Collected data entries:
Lemma projector_conj p q (Q : 'M[C]_(p, q)) (P : 'M[C]_p) :
  Q *m adj Q = 1%:M -> projector P -> projector (adj Q *m P *m Q).
Proof.
move=> QQ [P_herm PP]; split; first by rewrite !adjM adjK P_herm mulmxA.
by rewrite !mulmxA -(mulmxA _ Q (adj Q)) QQ mulmx1 -(mulmxA (adj Q)) PP.
Qed.

Lemma projector_indicator n (b : 'I_n -> bool) :
  projector (diag_mx (\row_i (b i)%:R) : 'M[C]_n).
Proof.
split; first by apply: adj_diag => i; rewrite mxE realn.
by rewrite mulmx_diag; congr diag_mx; apply/rowP => i; rewrite !mxE -natrM mulnb andbb.
Qed.

Lemma projector_diag_le1 n (P : 'M[C]_n) : projector P -> forall i, P i i <= 1.
Proof.
move=> [P_herm PP] i; have := gram_diag_ge P i i; rewrite P_herm PP.
have Pii_ge0 : 0 <= P i i by rewrite -PP -{1}P_herm gram_diagE sumr_ge0 // => k _; rewrite exprn_ge0.
rewrite ger0_norm // => sq_le; have [->|Pii_neq0] := eqVneq (P i i) 0; first exact: ler01.
by rewrite -(@ler_pM2l _ (P i i)) ?mulr1 -?expr2 // lt_def Pii_neq0.
Qed.

Lemma projector_diag1_col n (P : 'M[C]_n) i k :
  projector P -> P i i = 1 -> k != i -> P k i = 0.
Proof.
move=> [P_herm PP] Pii1 ki; have := gram_diag_ge P i i.
have := gram_diagE P i; rewrite P_herm PP Pii1 (bigD1 i) //= Pii1 normr1 expr1n.
move/eqP; rewrite addrC -subr_eq subrr eq_sym psumr_eq0 => [|j _]; last exact: exprn_ge0.
by move=> /allP/(_ k (mem_index_enum k)); rewrite /= ki sqrf_eq0 normr_eq0 => /eqP.
Qed.

Lemma projector_sub_indicator n (P : 'M[C]_n) (b : 'I_n -> bool) :
  projector P -> (forall i, b i -> P i i = 1) ->
  projector (P - diag_mx (\row_i (b i)%:R)).
Proof.
move=> P_proj Pb; have [G_herm GG] := projector_indicator b.
have [P_herm PP] := P_proj; set G := diag_mx _ in G_herm GG *.
have PG : P *m G = G.
  apply/matrixP => k j; rewrite mul_mx_diag !mxE.
  have [->|kj] := eqVneq k j.
    rewrite /= mulr1n; case: (boolP (b j)) => [b_j|_]; first by rewrite Pb ?mul1r.
    by rewrite mulr0n mulr0.
  rewrite /= ?mulr0n; case: (boolP (b j)) => [b_j|_]; last by rewrite mulr0n mulr0.
  by rewrite (projector_diag1_col P_proj (Pb j b_j) kj) mul0r.
have GP : G *m P = G by have := congr1 adj PG; rewrite adjM G_herm P_herm.
split; first by rewrite adjB P_herm G_herm.
by rewrite mulmxBl !mulmxBr PP PG GP GG subrr subr0.
Qed.
Lemma chain_step i : i.+1 < size q -> K (nth v q i) (nth v q i.+1).
Proof. by move/pathP: s_path; apply. Qed.

Lemma chain_inner i : 0 < i -> i.+1 < size q ->
  [/\ K (nth v q i) (nth v q i.-1), K (nth v q i) (nth v q i.+1)
    & nth v q i.-1 != nth v q i.+1].
Proof.
move=> i0 iq; split; last by rewrite nth_uniq //=; move: iq => /=; lia.
- by rewrite kr_sym; have := @chain_step i.-1; rewrite prednK //; apply; exact: ltnW.
- exact: chain_step.
Qed.

Lemma chain_chordless i j : i < j -> j < size q -> K (nth v q i) (nth v q j) -> j = i.+1.
Proof.
move=> ij jq Kij; have iq : i.+1 < size q := leq_ltn_trans ij jq.
case: (posnP i) => [i0|i0].
  move: Kij iq; rewrite i0 /= => Kvj q1.
  by move/eqP: (kr_start_unique Kvj (chain_step q1)); rewrite nth_uniq // => /eqP.
have [k1 k2 d] := chain_inner i0 iq.
by case: (kr_third k1 k2 Kij d) => /eqP; rewrite nth_uniq //=; move: ij jq iq => /=; lia.
Qed.

Lemma chain_closed y z : y \in q -> K y z -> z \in q.
Proof.
move=> yq; have [i iq ->] : exists2 i, i < size q & y = nth v q i.
  by exists (index y q); rewrite ?index_mem ?nth_index.
move=> Kiz; case: (ltnP i.+1 (size q)) => [iq1|iqe].
  case: (posnP i) => [i0|i0].
    move: Kiz; rewrite i0 in iq1 * => Kvz.
    by rewrite (kr_start_unique Kvz (chain_step iq1)) mem_nth.
  have [k1 k2 d] := chain_inner i0 iq1.
  by case: (kr_third k1 k2 Kiz d) => ->; rewrite mem_nth //=; move: iq1 => /=; lia.
by apply: s_max; rewrite (last_nth v); have -> : size s = i by move: iq iqe => /=; lia.
Qed.

Lemma chain_component u : connect K v u -> u \in q.
Proof.
have cl : closed K (mem q).
  move=> x y Kxy; apply/idP/idP => /chain_closed; apply=> //; by rewrite kr_sym.
by move/(closed_connect cl) <-; exact: mem_head.
Qed.

Lemma chain_component_is_path : component_is_path e f a b v.
Proof.
exists v, s; split=> // [|y z vy Kyz]; first exact: mem_head.
have yq := chain_component vy; have zq := chain_closed yq Kyz.
have [i iq Ey] : exists2 i, i < size q & nth v q i = y.
  by exists (index y q); rewrite ?index_mem ?nth_index.
have [j jq Ez] : exists2 j, j < size q & nth v q j = z.
  by exists (index z q); rewrite ?index_mem ?nth_index.
rewrite -Ey -Ez in Kyz *; case: (ltngtP i j) => [ij|ji|ij].
- by exists i; rewrite -(chain_chordless ij jq Kyz) jq !eqxx.
- by rewrite kr_sym in Kyz; exists j; rewrite -(chain_chordless ji iq Kyz) iq !eqxx orbT.
- by move: Kyz; rewrite ij /kr adj_irr.
Qed.

Lemma chain_end u : connect K v u -> u != v ->
  (a \notin colors e f u) || (b \notin colors e f u) -> u = last v s.
Proof.
move=> vu uv lacks; have [i iq Eu] : exists2 i, i < size q & nth v q i = u.
  by exists (index u q); rewrite ?index_mem ?nth_index ?chain_component.
rewrite -Eu in uv *; case: (posnP i) => [i0|i0]; first by move: uv; rewrite i0 eqxx.
case: (ltnP i.+1 (size q)) => [iq1|iqe].
  have [k1 k2 d] := chain_inner i0 iq1.
  by move: lacks; rewrite -Eu -negb_and (kr_colors_both k1 k2 d).
by rewrite (last_nth v); congr nth; move: iq iqe => /=; lia.
Qed.

End KempeChain.

Lemma kempe_component_is_path a b v : b \notin colors e f v -> component_is_path e f a b v.
Proof.
move=> vb; have [s [su sp sm]] := exists_maximal_path (kr e f a b) v.
exact (chain_component_is_path vb su sp sm).
Qed.

Lemma kempe_end_unique a b v u1 u2 : b \notin colors e f v ->
  connect (kr e f a b) v u1 -> connect (kr e f a b) v u2 -> u1 != v -> u2 != v ->
  (a \notin colors e f u1) || (b \notin colors e f u1) ->
  (a \notin colors e f u2) || (b \notin colors e f u2) -> u1 = u2.
Proof.
move=> vb vu1 vu2 u1v u2v l1 l2; have [s [su sp sm]] := exists_maximal_path (kr e f a b) v.
by rewrite (chain_end vb su sp sm vu1 u1v l1) (chain_end vb su sp sm vu2 u2v l2).
Qed.

Section Interchange.
Variables (a b : nat) (x : T).
Local Notation K := (kr e f a b).
Local Notation g := (Defs.interchange e f a b x).

Lemma interchange_out y z : ~~ connect K x y -> g y z = f y z.
Proof. by move=> xy; rewrite /Defs.interchange (negbTE xy) andbF. Qed.

Lemma interchange_in y z : connect K x y -> e y z -> g y z = swapc a b (f y z).
Proof.
move=> xy eyz; rewrite /Defs.interchange xy andbT /kr eyz /=.
by case: ifP => // /negbT; rewrite negb_or => /andP [na nb]; rewrite swapc_id.
Qed.

Lemma interchange_other y z : f y z != a -> f y z != b -> g y z = f y z.
Proof. by move=> na nb; rewrite /Defs.interchange /kr (negbTE na) (negbTE nb) andbF. Qed.

Lemma colors_interchange_in u c : connect K x u ->
  (c \in colors e g u) = (swapc a b c \in colors e f u).
Proof.
move=> xu; apply/colorsP/colorsP => [[z ez <-]|[z ez fz]]; exists z => //.
  by rewrite interchange_in // swapcK.
by rewrite interchange_in // fz swapcK.
Qed.

Lemma colors_interchange_out u : ~~ connect K x u -> colors e g u = colors e f u.
Proof. by move=> xu; apply: eq_map => z; exact: interchange_out. Qed.

Lemma interchange_proper : 1 <= a <= 5 -> 1 <= b <= 5 -> proper5 e g.
Proof.
move=> ha hb; split=> [y z eyz|y z eyz|y z1 z2 e1 e2 n12].
- rewrite /Defs.interchange kr_sym -(color_sym eyz).
  case: (boolP (K z y)) => //= Kzy; congr (if _ then _ else _).
  by apply/idP/idP => xz; apply: connect_trans xz (connect1 _); rewrite // kr_sym.
- case: (boolP (connect K x y)) => xy; last by rewrite interchange_out // color_range.
  rewrite interchange_in // /swapc; case: ifP => _ //; case: ifP => _ //; exact: color_range.
- case: (boolP (connect K x y)) => xy; last first.
    by rewrite !interchange_out //; case: pf => _ _; apply.
  rewrite !interchange_in //; apply: contra n12 => /eqP /(can_inj (swapcK a b)).
  by move/(color_inj e1 e2) ->.
Qed.

Lemma missing345_interchange_in u m : a \in [:: 3; 4; 5] -> b \in [:: 3; 4; 5] ->
  connect K x u -> missing345 f u m -> missing345 g u (swapc a b m).
Proof.
move=> ha hb xu [m345 mu su]; split.
- by rewrite mem_swapc.
- by rewrite colors_interchange_in // swapcK.
- move=> c c345 cm; rewrite colors_interchange_in //; apply: su; first by rewrite mem_swapc.
  by apply: contra cm => /eqP <-; rewrite swapcK.
Qed.

Lemma missing345_interchange_out u m : ~~ connect K x u -> missing345 f u m -> missing345 g u m.
Proof. by move=> xu; rewrite /missing345 colors_interchange_out. Qed.
Lemma glue_apex p q j X : p < j < q -> q < n ->
  subtriangulation p j X.1 -> subtriangulation j q X.2 -> apex p q j (glue p q j X).
Proof.
case: X => [T1 T2] j_mid lt_qn /subtriangulationP[diag1 noncross1 max1]
  /subtriangulationP[diag2 noncross2 max2] /=.
have lt_jn : j < n by lia.
have lt_pn : p < n by lia.
apply/and3P; split.
- apply/subtriangulationP; split.
  + move=> d; rewrite !inE -!orbA => /or3P[/diag1|/diag2|/andP[]//];
      rewrite /subdiag; lia_pairs.
  + move=> d e; rewrite !inE -!orbA => /or3P[dT|dT|dT] /or3P[eT|eT|eT];
    first [ by apply: noncross1 | by apply: noncross2 | idtac ];
    try move: (diag1 _ dT); try move: (diag2 _ dT);
    try move: (diag1 _ eT); try move: (diag2 _ eT);
    rewrite /subdiag /crossing; lia_pairs.
  + move=> d dd; rewrite !inE -!orbA => /norP[dT1 /norP[dT2 dS]].
    have [le_d2j|lt_jd2] := leqP (d.2 : nat) j.
      have dd1 : subdiag p j d by move: dS dd; rewrite /subdiag; lia_pairs.
      by have [e eT de] := max1 d dd1 dT1; exists e; rewrite // !inE eT.
    have [le_jd1|lt_d1j] := leqP j (d.1 : nat).
      have dd2 : subdiag j q d by move: dS dd; rewrite /subdiag; lia_pairs.
      by have [e eT de] := max2 d dd2 dT2; exists e; rewrite // !inE eT orbT.
    (* [d] straddles [j]: it crosses whichever of the sides [p j], [j q]
       does not share its endpoint. *)
    have [d1p|d1p] := eqVneq (d.1 : nat) p.
    * exists (Ordinal lt_jn, Ordinal lt_qn);
        by rewrite ?inE /subdiag /crossing /=; move: dd; rewrite /subdiag; lia_pairs.
    * exists (Ordinal lt_pn, Ordinal lt_jn);
        by rewrite ?inE /subdiag /crossing /=; move: dd; rewrite /subdiag; lia_pairs.
- rewrite /side; case: eqP => //= pj; apply/chordP.
  by exists (Ordinal lt_pn, Ordinal lt_jn); rewrite // !inE /subdiag /= !eqxx; lia.
- rewrite /side; case: eqP => //= jq; apply/chordP.
  by exists (Ordinal lt_jn, Ordinal lt_qn); rewrite // !inE /subdiag /= !eqxx orbT; lia.
Qed.

Lemma subtriangulation_restrict p q r s T : p <= r -> s <= q ->
  subtriangulation p q T ->
  (forall e, e \in T -> [|| e.2 <= r, s <= e.1 | (r <= e.1) && (e.2 <= s)]) ->
  subtriangulation r s (T :&: [set d | subdiag r s d]).
Proof.
move=> le_pr le_sq /subtriangulationP[diagT noncross maxT] inside.
apply/subtriangulationP; split=> [d|d e|d dd].
- by rewrite !inE => /andP[].
- by rewrite !inE => /andP[dT _] /andP[eT _]; apply: noncross.
- rewrite !inE dd andbT => dT.
  have ddpq : subdiag p q d by move: dd; rewrite /subdiag; lia_pairs.
  have [e eT de] := maxT d ddpq dT; exists e; rewrite // !inE eT /=.
  by move: (inside e eT) (diagT e eT) de dd; rewrite /subdiag /crossing; lia_pairs.
Qed.

Lemma split_atK p q j T : p < j < q -> apex p q j T ->
  [/\ subtriangulation p j (split_at p q j T).1,
      subtriangulation j q (split_at p q j T).2
    & glue p q j (split_at p q j T) = T].
Proof.
move=> j_mid /and3P[triT pj jq]; have [diagT noncross maxT] := subtriangulationP _ _ _ triT.
(* No diagonal of [T] straddles [j], since it would cross a side [p j] or [j q]. *)
have diag_side d : d \in T -> (d.2 <= j) || (j <= d.1).
  move=> dT; have := diagT d dT; rewrite /subdiag => dd.
  apply: contraT; rewrite negb_or -!ltnNge => /andP[lt_jd2 lt_d1j].
  have [d1p|d1p] := eqVneq (d.1 : nat) p.
  - case/orP: jq => [/eqP|/chordP[f fT [f1 f2]]]; first by lia_pairs.
    by have := noncross d f dT fT; rewrite /crossing f1 f2; lia_pairs.
  - case/orP: pj => [/eqP|/chordP[f fT [f1 f2]]]; first by lia_pairs.
    by have := noncross d f dT fT; rewrite /crossing f1 f2; lia_pairs.
have sidesT d : d \in apex_sides p q j -> d \in T.
  rewrite inE => /andP[dd /orP[]/andP[/eqP d1 /eqP d2]].
  - case/orP: pj => [/eqP|/chordP[f fT [f1 f2]]]; first by move: dd; rewrite /subdiag; lia_pairs.
    by rewrite -(@pair_val_inj f d) // ?f1 ?f2 ?d1 ?d2.
  - case/orP: jq => [/eqP|/chordP[f fT [f1 f2]]]; first by move: dd; rewrite /subdiag; lia_pairs.
    by rewrite -(@pair_val_inj f d) // ?f1 ?f2 ?d1 ?d2.
split.
- apply: subtriangulation_restrict triT _ => [||e eT]; try lia.
  by move: (diag_side e eT) (diagT e eT); rewrite /subdiag; lia_pairs.
- apply: subtriangulation_restrict triT _ => [||e eT]; try lia.
  by move: (diag_side e eT) (diagT e eT); rewrite /subdiag; lia_pairs.
- apply/setP => d; rewrite /glue !inE /=; case dT: (d \in T) => /=.
  + by move: (diag_side d dT) (diagT d dT); rewrite /subdiag; lia_pairs.
  + by apply: contraFF dT => dS; apply: sidesT; rewrite inE.
Qed.

Lemma card_apex p q j : p < j < q -> q < n ->
  #|[set T | apex p q j T]| =
  #|[set T | subtriangulation p j T]| * #|[set T | subtriangulation j q T]|.
Proof.
move=> j_mid lt_qn; rewrite -cardsX.
have glue_inj : {in setX [set T | subtriangulation p j T] [set T | subtriangulation j q T] &,
                 injective (glue p q j)}.
  move=> X Y; rewrite !inE => /andP[X1 X2] /andP[Y1 Y2] XY.
  by rewrite -(glueK j_mid X1 X2) -(glueK j_mid Y1 Y2) XY.
rewrite -(card_in_imset glue_inj); apply: eq_card => T; rewrite inE.
apply/idP/imsetP => [aT | [X]].
- have [T1 T2 TK] := split_atK j_mid aT.
  by exists (split_at p q j T); rewrite // !inE T1 T2.
- by rewrite !inE => /andP[X1 X2] ->; apply: glue_apex.
Qed.

Lemma card_subtriangulation p q : q < n ->
  #|[set T | subtriangulation p q T]| = catalan (q - p - 1).
Proof.
have [k] := ubnP (q - p); elim: k p q => // k IHk p q lt_qp_k lt_qn.
have [le_qp|lt_pq] := leqP q p.+1.
  by rewrite card_subtriangulation_small // (_ : q - p - 1 = 0) //; lia.
have card_andbT A : #|[set T | A T && xpredT T]| = #|[set T | A T]|.
  by apply: eq_card => T; rewrite !inE andbT.
have -> : q - p - 1 = (q - p - 2).+1 by lia.
rewrite -card_andbT card_subtriangulation_apex // catalanS.
rewrite -{1}(add0n p.+1) big_addn big_mkord (_ : q - p.+1 = (q - p - 2).+1); last by lia.
apply: eq_bigr => i _; have := ltn_ord i => lt_i.
rewrite card_andbT card_apex ?IHk; try lia.
by congr (catalan _ * catalan _); lia.
Qed.

End SubPolygon.

Section Polygon.
Variable n : nat.
Implicit Types (T : {set 'I_n * 'I_n}) (d e : 'I_n * 'I_n).

Lemma is_diag_ltn d : is_diag d -> (d.1 : nat) < d.2.
Proof. by rewrite /is_diag; lia_pairs. Qed.

Lemma is_diag_subdiag d : is_diag d = subdiag 0 n.-1 d.
Proof. by rewrite /is_diag /subdiag; have := ltn_ord d.2; lia. Qed.

Lemma triangulation_subtriangulation T :
  triangulation T = subtriangulation 0 n.-1 T.
Proof.
by rewrite /triangulation /subtriangulation; congr [&& _, _ & _];
  apply: eq_forallb => d; rewrite is_diag_subdiag.
Qed.

Lemma triangulationP T :
  reflect [/\ forall d, d \in T -> is_diag d,
              forall d e, d \in T -> e \in T -> ~~ crossing d e &
              forall d, is_diag d -> d \notin T -> exists2 e, e \in T & crossing d e]
          (triangulation T).
Proof.
rewrite triangulation_subtriangulation.
apply: (iffP (subtriangulationP _ _ _)) => -[diagT noncross maxT]; split=> // d.
- by rewrite is_diag_subdiag; apply: diagT.
- by rewrite is_diag_subdiag; apply: maxT.
- by rewrite -is_diag_subdiag; apply: diagT.
- by rewrite -is_diag_subdiag; apply: maxT.
Qed.

Definition fan_free m (b : nat) T : bool :=
  [forall k : 'I_m, ~~ has_diag T b ((b + (k + 2)) %% n)].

**ABOUT THIS TASK:**
Give back exactly the lines above starting at the line where "Variables (a b : nat) (x : T)." appears and ending at the line where "move=> xy eyz;" appears, both included, with no other lines.

**WORKED SOLUTION:**
Variables (a b : nat) (x : T).
Local Notation K := (kr e f a b).
Local Notation g := (Defs.interchange e f a b x).

Lemma interchange_out y z : ~~ connect K x y -> g y z = f y z.
Proof. by move=> xy; rewrite /Defs.interchange (negbTE xy) andbF. Qed.

Lemma interchange_in y z : connect K x y -> e y z -> g y z = swapc a b (f y z).
Proof.
move=> xy eyz; rewrite /Defs.interchange xy andbT /kr eyz /=.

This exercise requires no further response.